REQUIRED ACTION ->
Only one portion of the data is to be written out: from the line bearing "some letter a0" through the line bearing "k/2 and (k+1)/2". Write it exactly as it appears.

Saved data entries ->
********************
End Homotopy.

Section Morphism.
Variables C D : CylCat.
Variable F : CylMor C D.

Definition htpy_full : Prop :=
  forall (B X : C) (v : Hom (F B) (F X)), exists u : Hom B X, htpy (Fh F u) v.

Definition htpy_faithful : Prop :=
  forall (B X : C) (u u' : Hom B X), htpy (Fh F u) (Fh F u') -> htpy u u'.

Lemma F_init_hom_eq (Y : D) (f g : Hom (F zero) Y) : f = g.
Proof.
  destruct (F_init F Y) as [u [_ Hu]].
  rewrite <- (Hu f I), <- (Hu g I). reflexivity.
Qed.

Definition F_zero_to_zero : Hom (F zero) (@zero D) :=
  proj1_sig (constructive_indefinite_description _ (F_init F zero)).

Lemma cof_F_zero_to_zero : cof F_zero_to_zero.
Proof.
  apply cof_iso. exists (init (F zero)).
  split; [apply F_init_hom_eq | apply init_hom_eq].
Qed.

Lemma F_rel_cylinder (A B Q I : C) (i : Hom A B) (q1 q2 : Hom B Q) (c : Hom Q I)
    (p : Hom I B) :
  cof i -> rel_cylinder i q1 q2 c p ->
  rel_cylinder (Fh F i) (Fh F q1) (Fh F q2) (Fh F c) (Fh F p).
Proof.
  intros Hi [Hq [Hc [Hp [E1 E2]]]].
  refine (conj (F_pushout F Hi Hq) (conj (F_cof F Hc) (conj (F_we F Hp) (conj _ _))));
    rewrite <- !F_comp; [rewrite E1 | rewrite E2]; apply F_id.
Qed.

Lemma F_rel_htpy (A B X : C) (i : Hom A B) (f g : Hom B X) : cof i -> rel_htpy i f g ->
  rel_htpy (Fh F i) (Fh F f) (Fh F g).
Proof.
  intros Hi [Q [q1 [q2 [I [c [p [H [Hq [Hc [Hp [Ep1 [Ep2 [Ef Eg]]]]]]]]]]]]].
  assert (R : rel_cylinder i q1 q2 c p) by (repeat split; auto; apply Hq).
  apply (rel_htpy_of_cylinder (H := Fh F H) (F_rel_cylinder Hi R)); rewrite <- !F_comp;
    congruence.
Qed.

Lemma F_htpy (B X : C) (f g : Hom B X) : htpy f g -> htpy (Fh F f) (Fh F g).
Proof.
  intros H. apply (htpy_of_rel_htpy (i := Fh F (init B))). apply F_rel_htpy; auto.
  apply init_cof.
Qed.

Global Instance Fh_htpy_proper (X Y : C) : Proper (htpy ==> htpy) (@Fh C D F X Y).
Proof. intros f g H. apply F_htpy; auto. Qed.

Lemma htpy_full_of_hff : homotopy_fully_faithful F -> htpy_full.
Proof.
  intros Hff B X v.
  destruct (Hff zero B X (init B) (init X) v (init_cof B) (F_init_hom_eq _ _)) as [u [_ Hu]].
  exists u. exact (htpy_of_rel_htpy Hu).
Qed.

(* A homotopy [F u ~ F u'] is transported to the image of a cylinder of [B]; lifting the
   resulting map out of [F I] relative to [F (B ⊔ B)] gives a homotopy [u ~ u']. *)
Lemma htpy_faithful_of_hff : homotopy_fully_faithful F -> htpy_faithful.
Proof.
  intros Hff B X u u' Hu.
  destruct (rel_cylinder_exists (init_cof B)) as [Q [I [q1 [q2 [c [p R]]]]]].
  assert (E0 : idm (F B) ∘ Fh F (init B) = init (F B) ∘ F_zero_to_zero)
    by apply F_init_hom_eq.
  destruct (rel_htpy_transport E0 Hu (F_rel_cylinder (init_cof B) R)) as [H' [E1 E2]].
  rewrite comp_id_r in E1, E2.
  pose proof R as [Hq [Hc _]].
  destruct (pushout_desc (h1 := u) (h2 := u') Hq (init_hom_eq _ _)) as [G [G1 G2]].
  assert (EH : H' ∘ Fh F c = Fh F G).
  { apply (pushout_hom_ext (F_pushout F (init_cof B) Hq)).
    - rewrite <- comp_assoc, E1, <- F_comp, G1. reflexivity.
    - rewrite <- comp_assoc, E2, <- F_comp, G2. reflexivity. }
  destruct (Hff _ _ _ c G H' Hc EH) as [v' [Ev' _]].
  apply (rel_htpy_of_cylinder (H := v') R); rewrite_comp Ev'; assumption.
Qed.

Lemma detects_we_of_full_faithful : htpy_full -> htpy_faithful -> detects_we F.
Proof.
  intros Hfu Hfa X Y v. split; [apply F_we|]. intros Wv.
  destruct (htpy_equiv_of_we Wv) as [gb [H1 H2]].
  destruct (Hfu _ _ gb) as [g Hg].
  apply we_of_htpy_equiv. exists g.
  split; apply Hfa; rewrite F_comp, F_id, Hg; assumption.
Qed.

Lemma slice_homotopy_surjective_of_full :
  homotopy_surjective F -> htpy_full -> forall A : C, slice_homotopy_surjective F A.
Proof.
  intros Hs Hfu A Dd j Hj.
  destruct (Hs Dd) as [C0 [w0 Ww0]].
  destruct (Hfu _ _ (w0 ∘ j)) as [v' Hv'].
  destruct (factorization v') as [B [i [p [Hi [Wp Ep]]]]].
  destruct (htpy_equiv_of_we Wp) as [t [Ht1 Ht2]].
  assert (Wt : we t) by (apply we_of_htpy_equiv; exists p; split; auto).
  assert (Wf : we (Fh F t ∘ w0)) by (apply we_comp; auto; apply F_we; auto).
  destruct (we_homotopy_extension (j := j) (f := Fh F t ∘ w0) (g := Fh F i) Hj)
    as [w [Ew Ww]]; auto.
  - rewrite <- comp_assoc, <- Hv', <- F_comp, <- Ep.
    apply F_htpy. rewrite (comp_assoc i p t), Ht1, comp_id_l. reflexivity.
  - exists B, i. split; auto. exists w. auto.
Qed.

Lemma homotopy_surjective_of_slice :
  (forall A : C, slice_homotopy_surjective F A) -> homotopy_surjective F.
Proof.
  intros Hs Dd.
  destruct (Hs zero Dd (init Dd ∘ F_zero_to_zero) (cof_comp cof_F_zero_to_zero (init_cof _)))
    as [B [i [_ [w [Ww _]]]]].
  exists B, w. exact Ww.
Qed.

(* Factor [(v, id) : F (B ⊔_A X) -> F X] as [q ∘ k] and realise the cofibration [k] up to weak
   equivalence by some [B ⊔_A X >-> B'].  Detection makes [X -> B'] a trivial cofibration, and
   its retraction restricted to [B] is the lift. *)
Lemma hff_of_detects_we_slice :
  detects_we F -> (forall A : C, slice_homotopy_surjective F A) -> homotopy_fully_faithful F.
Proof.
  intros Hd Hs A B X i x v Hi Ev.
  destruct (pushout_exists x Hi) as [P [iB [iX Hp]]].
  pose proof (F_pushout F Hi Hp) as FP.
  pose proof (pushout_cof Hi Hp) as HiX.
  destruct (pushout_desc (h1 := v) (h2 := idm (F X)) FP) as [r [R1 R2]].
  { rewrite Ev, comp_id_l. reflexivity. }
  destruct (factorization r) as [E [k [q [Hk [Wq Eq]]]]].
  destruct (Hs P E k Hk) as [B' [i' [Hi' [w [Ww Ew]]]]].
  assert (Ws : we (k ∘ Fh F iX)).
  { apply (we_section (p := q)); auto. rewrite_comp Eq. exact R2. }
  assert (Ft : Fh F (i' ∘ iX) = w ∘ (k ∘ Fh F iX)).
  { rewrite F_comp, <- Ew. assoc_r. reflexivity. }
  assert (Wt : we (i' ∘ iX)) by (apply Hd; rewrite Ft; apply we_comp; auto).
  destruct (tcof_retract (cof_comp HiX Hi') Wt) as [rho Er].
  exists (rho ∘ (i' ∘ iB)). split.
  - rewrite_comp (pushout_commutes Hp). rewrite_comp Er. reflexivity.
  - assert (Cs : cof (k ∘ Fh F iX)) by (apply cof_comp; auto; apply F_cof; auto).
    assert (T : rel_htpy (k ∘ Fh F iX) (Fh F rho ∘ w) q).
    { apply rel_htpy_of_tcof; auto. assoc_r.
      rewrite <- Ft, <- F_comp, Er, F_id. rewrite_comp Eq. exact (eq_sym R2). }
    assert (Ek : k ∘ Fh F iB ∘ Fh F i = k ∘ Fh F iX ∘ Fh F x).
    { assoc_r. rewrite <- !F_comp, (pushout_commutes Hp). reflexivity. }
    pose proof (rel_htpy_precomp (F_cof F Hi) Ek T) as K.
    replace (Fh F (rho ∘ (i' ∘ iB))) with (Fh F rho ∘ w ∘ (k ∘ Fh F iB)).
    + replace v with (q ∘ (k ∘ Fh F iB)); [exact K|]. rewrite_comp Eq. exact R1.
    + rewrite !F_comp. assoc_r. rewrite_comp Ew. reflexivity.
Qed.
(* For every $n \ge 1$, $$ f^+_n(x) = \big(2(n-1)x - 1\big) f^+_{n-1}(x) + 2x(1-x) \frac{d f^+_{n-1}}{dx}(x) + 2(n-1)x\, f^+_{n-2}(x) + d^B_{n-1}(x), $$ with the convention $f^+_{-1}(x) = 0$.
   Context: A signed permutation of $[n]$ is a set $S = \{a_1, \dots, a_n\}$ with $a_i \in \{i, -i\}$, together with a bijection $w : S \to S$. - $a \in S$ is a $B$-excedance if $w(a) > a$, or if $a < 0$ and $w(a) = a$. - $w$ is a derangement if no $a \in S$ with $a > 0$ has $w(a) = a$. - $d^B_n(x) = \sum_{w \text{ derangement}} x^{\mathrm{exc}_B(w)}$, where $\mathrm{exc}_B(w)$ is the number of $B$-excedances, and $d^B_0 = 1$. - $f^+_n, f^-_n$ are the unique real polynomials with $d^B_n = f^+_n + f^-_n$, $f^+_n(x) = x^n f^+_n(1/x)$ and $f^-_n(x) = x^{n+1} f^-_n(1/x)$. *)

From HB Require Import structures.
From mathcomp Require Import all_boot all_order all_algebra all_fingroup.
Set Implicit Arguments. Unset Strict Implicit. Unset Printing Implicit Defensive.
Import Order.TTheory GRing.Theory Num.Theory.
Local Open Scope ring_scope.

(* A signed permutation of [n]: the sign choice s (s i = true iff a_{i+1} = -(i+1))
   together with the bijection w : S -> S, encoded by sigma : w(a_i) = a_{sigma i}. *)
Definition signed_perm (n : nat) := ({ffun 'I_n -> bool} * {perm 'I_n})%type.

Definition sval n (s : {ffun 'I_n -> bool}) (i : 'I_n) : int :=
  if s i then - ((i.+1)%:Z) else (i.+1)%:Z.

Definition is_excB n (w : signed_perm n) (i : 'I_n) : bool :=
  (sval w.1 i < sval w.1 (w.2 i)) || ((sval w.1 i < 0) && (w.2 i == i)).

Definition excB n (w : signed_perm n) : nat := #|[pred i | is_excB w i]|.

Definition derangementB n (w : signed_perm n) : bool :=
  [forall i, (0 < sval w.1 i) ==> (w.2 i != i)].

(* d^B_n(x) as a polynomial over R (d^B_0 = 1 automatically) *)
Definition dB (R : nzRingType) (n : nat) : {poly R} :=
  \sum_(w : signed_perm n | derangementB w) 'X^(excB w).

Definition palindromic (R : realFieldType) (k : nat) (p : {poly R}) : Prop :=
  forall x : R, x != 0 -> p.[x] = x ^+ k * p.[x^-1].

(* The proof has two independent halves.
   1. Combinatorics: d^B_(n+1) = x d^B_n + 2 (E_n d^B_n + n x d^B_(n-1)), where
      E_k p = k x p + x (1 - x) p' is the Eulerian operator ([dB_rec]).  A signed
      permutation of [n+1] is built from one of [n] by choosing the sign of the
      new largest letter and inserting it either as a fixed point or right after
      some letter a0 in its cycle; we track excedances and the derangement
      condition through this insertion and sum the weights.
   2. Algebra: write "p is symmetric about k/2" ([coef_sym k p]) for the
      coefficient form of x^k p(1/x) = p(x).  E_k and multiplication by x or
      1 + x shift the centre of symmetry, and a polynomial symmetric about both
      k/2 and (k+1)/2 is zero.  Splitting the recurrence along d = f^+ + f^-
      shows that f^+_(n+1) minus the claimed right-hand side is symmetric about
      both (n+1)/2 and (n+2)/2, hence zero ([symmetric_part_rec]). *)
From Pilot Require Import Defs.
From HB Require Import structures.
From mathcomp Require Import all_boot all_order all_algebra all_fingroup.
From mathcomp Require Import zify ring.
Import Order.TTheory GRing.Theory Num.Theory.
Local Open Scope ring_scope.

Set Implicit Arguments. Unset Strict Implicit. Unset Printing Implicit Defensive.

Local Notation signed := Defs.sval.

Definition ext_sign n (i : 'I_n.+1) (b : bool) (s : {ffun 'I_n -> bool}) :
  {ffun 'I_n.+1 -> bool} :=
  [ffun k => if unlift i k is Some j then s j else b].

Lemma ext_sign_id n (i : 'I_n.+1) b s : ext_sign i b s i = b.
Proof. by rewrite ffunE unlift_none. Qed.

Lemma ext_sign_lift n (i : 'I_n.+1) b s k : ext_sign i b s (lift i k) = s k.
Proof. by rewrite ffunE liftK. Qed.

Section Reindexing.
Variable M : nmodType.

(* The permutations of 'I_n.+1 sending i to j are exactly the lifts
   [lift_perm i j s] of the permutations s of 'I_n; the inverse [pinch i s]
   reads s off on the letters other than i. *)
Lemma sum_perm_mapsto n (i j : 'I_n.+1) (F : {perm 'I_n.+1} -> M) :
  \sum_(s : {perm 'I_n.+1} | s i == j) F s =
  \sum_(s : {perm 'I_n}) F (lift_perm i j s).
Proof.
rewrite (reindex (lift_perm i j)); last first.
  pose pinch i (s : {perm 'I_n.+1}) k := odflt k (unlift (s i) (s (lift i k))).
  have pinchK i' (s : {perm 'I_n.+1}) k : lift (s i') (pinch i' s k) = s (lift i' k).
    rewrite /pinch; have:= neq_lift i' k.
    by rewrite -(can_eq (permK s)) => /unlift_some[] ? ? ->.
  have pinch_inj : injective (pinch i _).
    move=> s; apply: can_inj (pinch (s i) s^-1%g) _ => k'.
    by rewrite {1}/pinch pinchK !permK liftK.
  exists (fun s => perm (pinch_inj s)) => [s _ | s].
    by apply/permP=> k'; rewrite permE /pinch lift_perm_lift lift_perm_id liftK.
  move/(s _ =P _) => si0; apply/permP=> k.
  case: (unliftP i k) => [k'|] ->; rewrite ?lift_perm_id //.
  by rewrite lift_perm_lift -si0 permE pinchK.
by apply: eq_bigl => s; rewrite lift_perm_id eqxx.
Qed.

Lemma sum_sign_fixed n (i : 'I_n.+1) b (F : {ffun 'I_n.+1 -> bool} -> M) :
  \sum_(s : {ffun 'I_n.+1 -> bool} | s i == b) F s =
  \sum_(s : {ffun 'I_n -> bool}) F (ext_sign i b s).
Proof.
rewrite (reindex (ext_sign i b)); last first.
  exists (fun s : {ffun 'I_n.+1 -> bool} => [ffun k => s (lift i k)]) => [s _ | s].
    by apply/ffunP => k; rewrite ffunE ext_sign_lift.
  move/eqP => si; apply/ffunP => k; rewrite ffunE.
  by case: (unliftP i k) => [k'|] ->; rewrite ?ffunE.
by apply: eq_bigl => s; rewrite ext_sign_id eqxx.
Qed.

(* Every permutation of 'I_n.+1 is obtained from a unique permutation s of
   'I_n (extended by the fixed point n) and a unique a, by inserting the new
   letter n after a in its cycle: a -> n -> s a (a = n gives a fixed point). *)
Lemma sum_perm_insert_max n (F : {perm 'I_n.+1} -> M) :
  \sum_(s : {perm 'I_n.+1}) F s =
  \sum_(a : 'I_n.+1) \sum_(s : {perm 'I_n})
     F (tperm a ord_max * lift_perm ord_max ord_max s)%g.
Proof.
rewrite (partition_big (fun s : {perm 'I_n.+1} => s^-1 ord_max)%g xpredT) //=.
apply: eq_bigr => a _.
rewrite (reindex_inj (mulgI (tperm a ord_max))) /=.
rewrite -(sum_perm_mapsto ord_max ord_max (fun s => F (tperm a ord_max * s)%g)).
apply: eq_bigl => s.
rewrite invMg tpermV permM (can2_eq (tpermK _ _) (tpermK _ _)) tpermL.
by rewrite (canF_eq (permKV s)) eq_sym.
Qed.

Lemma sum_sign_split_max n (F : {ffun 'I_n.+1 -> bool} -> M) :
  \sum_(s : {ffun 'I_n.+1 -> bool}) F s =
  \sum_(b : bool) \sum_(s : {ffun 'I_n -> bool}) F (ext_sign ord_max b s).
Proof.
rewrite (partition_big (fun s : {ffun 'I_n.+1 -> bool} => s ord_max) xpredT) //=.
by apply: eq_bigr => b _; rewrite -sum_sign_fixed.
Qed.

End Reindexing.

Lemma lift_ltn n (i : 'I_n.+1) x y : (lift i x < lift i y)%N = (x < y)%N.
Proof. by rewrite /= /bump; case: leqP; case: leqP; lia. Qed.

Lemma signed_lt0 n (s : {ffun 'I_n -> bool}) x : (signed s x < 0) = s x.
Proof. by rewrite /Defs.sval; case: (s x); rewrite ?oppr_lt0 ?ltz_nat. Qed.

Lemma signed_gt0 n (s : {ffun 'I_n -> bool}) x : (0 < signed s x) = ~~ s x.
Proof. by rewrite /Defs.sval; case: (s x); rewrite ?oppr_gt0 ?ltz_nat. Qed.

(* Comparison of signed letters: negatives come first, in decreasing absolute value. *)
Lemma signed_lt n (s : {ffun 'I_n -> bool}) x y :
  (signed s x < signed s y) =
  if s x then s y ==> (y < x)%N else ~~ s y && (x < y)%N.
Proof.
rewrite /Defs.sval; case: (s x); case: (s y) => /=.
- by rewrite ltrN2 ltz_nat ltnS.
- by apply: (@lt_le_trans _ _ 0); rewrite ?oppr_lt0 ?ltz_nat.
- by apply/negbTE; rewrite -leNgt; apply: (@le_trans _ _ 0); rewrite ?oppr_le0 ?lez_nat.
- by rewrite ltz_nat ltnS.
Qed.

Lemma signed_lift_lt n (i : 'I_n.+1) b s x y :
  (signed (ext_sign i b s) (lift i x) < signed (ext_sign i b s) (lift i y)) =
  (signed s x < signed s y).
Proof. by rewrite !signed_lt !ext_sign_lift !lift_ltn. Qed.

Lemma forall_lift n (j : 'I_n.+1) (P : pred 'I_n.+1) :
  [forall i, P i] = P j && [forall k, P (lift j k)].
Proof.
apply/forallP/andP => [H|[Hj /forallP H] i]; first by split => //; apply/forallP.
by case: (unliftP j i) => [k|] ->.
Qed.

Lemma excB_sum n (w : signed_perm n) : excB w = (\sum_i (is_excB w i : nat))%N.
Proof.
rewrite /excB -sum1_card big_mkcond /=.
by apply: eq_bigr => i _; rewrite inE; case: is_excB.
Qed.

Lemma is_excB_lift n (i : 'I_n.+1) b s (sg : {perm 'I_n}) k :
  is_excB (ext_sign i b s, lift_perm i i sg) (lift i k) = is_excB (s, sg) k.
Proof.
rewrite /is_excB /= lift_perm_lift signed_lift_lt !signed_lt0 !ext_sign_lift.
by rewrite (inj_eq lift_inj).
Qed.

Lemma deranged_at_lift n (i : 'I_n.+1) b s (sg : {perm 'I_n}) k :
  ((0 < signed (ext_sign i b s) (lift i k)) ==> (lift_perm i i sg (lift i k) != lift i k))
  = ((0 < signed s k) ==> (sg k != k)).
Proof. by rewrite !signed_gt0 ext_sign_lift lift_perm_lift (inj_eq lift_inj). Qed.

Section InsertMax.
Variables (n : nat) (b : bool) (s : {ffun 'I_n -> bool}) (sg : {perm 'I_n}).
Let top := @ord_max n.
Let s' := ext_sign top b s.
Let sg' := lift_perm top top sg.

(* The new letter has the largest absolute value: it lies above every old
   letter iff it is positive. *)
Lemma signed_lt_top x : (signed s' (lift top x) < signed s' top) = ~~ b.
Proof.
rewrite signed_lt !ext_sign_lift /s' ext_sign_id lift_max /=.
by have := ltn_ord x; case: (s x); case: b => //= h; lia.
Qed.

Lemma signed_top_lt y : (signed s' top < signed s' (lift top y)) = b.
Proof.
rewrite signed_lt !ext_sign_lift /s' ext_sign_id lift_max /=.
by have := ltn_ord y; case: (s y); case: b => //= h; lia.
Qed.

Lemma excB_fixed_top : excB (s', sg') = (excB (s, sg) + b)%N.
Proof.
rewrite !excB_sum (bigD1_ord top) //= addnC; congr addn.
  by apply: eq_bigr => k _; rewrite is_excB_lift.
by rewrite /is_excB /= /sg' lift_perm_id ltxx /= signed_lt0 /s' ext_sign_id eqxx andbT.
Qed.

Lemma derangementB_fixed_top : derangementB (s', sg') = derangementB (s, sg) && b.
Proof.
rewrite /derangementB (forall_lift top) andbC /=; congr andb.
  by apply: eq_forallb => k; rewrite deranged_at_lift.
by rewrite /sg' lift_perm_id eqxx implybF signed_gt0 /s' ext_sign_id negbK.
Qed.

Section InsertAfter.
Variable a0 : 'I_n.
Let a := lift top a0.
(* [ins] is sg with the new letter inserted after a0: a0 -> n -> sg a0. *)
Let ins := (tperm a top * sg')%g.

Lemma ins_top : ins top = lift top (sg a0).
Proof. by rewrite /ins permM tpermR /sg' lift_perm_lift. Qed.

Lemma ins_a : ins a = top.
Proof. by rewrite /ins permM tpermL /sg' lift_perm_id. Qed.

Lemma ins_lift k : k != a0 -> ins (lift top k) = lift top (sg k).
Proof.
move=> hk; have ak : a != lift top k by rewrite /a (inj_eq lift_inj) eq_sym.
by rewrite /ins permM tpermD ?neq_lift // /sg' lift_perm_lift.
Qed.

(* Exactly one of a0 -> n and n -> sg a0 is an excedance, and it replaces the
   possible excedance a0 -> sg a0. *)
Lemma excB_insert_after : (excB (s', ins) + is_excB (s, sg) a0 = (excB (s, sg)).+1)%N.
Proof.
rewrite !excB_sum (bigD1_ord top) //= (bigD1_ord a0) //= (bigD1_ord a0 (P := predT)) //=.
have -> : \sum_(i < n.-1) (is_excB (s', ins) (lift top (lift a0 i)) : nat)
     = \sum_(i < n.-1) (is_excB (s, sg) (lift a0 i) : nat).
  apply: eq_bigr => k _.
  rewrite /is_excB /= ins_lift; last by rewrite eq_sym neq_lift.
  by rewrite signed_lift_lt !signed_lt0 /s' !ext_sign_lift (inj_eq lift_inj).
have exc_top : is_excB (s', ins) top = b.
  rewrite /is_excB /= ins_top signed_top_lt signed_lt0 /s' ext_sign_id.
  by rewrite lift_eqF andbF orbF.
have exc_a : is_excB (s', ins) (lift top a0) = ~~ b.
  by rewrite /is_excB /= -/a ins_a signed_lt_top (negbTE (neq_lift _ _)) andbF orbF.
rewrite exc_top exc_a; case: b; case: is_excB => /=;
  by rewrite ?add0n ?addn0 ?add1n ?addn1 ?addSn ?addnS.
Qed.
********************
RESULT FOR THIS TASK ->
      some letter a0 in its cycle; we track excedances and the derangement
      condition through this insertion and sum the weights.
   2. Algebra: write "p is symmetric about k/2" ([coef_sym k p]) for the
      coefficient form of x^k p(1/x) = p(x).  E_k and multiplication by x or
      1 + x shift the centre of symmetry, and a polynomial symmetric about both
      k/2 and (k+1)/2 is zero.  Splitting the recurrence along d = f^+ + f^-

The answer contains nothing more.